[Records drawn from a dataset]

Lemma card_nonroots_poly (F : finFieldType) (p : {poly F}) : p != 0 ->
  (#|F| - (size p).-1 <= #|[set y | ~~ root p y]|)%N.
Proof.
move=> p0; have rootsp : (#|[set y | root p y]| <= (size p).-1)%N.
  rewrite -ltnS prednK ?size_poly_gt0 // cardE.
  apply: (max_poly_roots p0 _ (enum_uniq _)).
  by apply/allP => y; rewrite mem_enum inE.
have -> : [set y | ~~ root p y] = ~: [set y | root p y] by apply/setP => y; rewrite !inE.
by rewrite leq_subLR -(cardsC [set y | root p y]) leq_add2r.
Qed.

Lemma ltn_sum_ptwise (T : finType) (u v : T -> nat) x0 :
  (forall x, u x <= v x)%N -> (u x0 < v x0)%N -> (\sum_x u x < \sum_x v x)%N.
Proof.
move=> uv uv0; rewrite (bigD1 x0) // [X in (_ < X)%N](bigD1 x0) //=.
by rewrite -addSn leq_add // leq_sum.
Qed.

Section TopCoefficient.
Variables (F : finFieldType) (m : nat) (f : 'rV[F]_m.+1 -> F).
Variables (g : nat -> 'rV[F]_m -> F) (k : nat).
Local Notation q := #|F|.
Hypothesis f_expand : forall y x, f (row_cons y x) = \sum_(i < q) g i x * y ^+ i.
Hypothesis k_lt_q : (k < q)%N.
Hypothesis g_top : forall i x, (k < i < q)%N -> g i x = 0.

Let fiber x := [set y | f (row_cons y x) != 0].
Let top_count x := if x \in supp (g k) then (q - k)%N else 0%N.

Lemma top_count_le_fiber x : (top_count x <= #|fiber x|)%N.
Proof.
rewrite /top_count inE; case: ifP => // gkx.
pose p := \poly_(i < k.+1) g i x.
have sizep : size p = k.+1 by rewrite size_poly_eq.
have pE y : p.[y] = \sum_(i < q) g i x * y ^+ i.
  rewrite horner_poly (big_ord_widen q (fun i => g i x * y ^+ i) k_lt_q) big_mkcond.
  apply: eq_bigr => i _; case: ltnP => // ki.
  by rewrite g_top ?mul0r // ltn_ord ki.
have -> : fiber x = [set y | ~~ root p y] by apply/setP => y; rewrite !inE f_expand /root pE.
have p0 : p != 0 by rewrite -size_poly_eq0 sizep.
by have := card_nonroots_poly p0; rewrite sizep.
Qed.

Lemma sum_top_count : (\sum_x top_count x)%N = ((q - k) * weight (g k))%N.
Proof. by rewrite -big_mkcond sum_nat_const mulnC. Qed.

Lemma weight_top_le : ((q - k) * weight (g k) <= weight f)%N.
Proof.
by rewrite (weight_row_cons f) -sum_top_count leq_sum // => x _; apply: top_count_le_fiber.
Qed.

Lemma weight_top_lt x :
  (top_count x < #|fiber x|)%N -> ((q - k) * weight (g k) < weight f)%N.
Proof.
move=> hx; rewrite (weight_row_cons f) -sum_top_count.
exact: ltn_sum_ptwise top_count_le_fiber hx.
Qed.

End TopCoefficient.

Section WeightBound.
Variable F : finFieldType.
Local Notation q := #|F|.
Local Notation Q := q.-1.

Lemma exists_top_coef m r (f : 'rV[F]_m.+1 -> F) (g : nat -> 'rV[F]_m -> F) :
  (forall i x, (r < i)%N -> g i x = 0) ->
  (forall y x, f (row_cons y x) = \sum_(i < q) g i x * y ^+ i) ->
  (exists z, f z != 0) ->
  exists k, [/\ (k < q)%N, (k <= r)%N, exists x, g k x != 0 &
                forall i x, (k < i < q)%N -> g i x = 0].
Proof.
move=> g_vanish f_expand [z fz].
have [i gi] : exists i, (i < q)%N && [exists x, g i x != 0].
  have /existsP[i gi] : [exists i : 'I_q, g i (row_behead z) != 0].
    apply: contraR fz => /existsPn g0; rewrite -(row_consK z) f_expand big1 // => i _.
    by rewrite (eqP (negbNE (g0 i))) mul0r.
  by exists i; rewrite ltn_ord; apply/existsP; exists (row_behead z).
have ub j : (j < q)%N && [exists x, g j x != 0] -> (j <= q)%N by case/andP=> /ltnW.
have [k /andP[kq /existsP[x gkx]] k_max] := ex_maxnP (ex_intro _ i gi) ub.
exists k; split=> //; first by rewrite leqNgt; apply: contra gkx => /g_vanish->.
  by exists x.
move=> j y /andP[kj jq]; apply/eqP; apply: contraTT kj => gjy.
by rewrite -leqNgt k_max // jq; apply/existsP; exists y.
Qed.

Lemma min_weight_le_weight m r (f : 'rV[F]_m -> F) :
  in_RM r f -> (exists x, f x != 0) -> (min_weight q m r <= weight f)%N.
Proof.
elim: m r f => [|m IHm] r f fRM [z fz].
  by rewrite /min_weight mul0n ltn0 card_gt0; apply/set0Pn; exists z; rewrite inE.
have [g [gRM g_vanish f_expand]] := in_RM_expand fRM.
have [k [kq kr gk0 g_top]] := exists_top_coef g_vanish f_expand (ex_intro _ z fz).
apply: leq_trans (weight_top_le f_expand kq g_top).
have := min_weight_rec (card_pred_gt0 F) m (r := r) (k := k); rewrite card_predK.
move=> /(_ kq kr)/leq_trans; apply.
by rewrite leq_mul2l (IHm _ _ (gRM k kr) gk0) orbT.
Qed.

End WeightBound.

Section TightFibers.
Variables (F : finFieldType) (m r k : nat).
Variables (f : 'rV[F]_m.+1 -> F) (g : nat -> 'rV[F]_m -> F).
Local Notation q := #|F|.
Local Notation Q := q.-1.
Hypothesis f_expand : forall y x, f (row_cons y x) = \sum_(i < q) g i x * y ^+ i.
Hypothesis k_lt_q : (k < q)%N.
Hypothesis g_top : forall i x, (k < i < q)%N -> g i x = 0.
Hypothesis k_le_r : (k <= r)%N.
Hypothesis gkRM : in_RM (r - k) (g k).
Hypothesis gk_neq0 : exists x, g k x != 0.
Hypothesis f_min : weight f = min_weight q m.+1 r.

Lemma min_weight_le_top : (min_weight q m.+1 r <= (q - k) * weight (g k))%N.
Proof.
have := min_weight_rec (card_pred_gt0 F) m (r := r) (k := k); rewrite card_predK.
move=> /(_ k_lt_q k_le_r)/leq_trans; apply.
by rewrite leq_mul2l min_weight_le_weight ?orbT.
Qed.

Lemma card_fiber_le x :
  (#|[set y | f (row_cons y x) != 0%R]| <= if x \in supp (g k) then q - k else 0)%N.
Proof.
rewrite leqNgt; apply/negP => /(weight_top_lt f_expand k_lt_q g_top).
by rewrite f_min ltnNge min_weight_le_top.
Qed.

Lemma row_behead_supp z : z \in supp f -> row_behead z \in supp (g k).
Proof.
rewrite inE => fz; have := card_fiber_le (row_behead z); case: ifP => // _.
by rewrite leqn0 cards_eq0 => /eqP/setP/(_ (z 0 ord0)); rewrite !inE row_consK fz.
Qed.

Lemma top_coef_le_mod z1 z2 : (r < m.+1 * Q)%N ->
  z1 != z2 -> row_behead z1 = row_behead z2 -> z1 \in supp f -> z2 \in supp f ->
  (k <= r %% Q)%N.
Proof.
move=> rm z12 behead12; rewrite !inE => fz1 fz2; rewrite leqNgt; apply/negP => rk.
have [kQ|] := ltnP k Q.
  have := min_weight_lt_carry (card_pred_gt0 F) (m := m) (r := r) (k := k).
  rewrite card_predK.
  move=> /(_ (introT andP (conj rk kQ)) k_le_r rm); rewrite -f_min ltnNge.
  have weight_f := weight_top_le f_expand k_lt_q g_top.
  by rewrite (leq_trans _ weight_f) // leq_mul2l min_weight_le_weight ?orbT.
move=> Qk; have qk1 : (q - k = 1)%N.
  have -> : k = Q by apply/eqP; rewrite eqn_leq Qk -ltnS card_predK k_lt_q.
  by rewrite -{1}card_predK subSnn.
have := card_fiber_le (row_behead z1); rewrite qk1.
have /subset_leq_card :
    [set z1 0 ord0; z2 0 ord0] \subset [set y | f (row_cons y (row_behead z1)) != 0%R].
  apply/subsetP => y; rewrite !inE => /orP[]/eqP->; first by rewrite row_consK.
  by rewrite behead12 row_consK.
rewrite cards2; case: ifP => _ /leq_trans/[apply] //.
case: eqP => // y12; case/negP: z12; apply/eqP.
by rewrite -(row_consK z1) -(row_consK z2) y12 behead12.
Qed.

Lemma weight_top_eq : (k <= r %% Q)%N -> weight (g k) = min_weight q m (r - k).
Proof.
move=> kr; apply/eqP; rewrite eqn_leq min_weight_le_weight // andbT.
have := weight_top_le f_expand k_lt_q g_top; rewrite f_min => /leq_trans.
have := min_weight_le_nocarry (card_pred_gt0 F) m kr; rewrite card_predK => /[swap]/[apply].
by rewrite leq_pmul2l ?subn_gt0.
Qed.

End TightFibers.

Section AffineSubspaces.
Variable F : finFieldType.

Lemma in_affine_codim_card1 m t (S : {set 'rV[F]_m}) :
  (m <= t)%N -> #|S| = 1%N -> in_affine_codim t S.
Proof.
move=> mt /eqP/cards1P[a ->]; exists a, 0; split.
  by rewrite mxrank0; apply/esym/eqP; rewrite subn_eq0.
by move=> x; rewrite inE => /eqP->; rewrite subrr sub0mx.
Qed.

--

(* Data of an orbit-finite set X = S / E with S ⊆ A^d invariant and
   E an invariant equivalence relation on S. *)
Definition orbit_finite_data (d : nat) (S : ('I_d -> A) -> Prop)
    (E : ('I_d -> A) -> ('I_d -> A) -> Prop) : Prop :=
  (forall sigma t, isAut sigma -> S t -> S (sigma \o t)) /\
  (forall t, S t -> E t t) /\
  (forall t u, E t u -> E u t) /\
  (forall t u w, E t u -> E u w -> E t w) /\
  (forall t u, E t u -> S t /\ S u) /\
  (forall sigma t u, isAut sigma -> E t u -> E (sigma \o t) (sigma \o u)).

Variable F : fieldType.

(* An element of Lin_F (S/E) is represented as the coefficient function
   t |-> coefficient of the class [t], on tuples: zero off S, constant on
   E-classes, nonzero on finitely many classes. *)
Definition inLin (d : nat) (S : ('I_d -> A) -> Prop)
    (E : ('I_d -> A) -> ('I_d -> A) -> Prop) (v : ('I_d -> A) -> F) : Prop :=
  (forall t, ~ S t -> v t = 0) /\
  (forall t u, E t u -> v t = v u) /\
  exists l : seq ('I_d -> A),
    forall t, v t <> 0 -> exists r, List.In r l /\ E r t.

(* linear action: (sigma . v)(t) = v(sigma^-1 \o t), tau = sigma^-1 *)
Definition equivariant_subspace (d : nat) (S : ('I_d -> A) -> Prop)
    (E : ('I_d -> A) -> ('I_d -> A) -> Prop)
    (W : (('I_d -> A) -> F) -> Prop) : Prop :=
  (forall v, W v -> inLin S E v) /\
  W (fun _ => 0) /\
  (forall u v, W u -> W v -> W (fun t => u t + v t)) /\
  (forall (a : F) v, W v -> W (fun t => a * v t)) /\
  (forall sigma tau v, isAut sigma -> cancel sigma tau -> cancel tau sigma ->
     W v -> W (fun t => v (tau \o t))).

Assigned task:
How many lines of the data contain "TopCoefficient"? Work it out and give only the number.

Response area:
2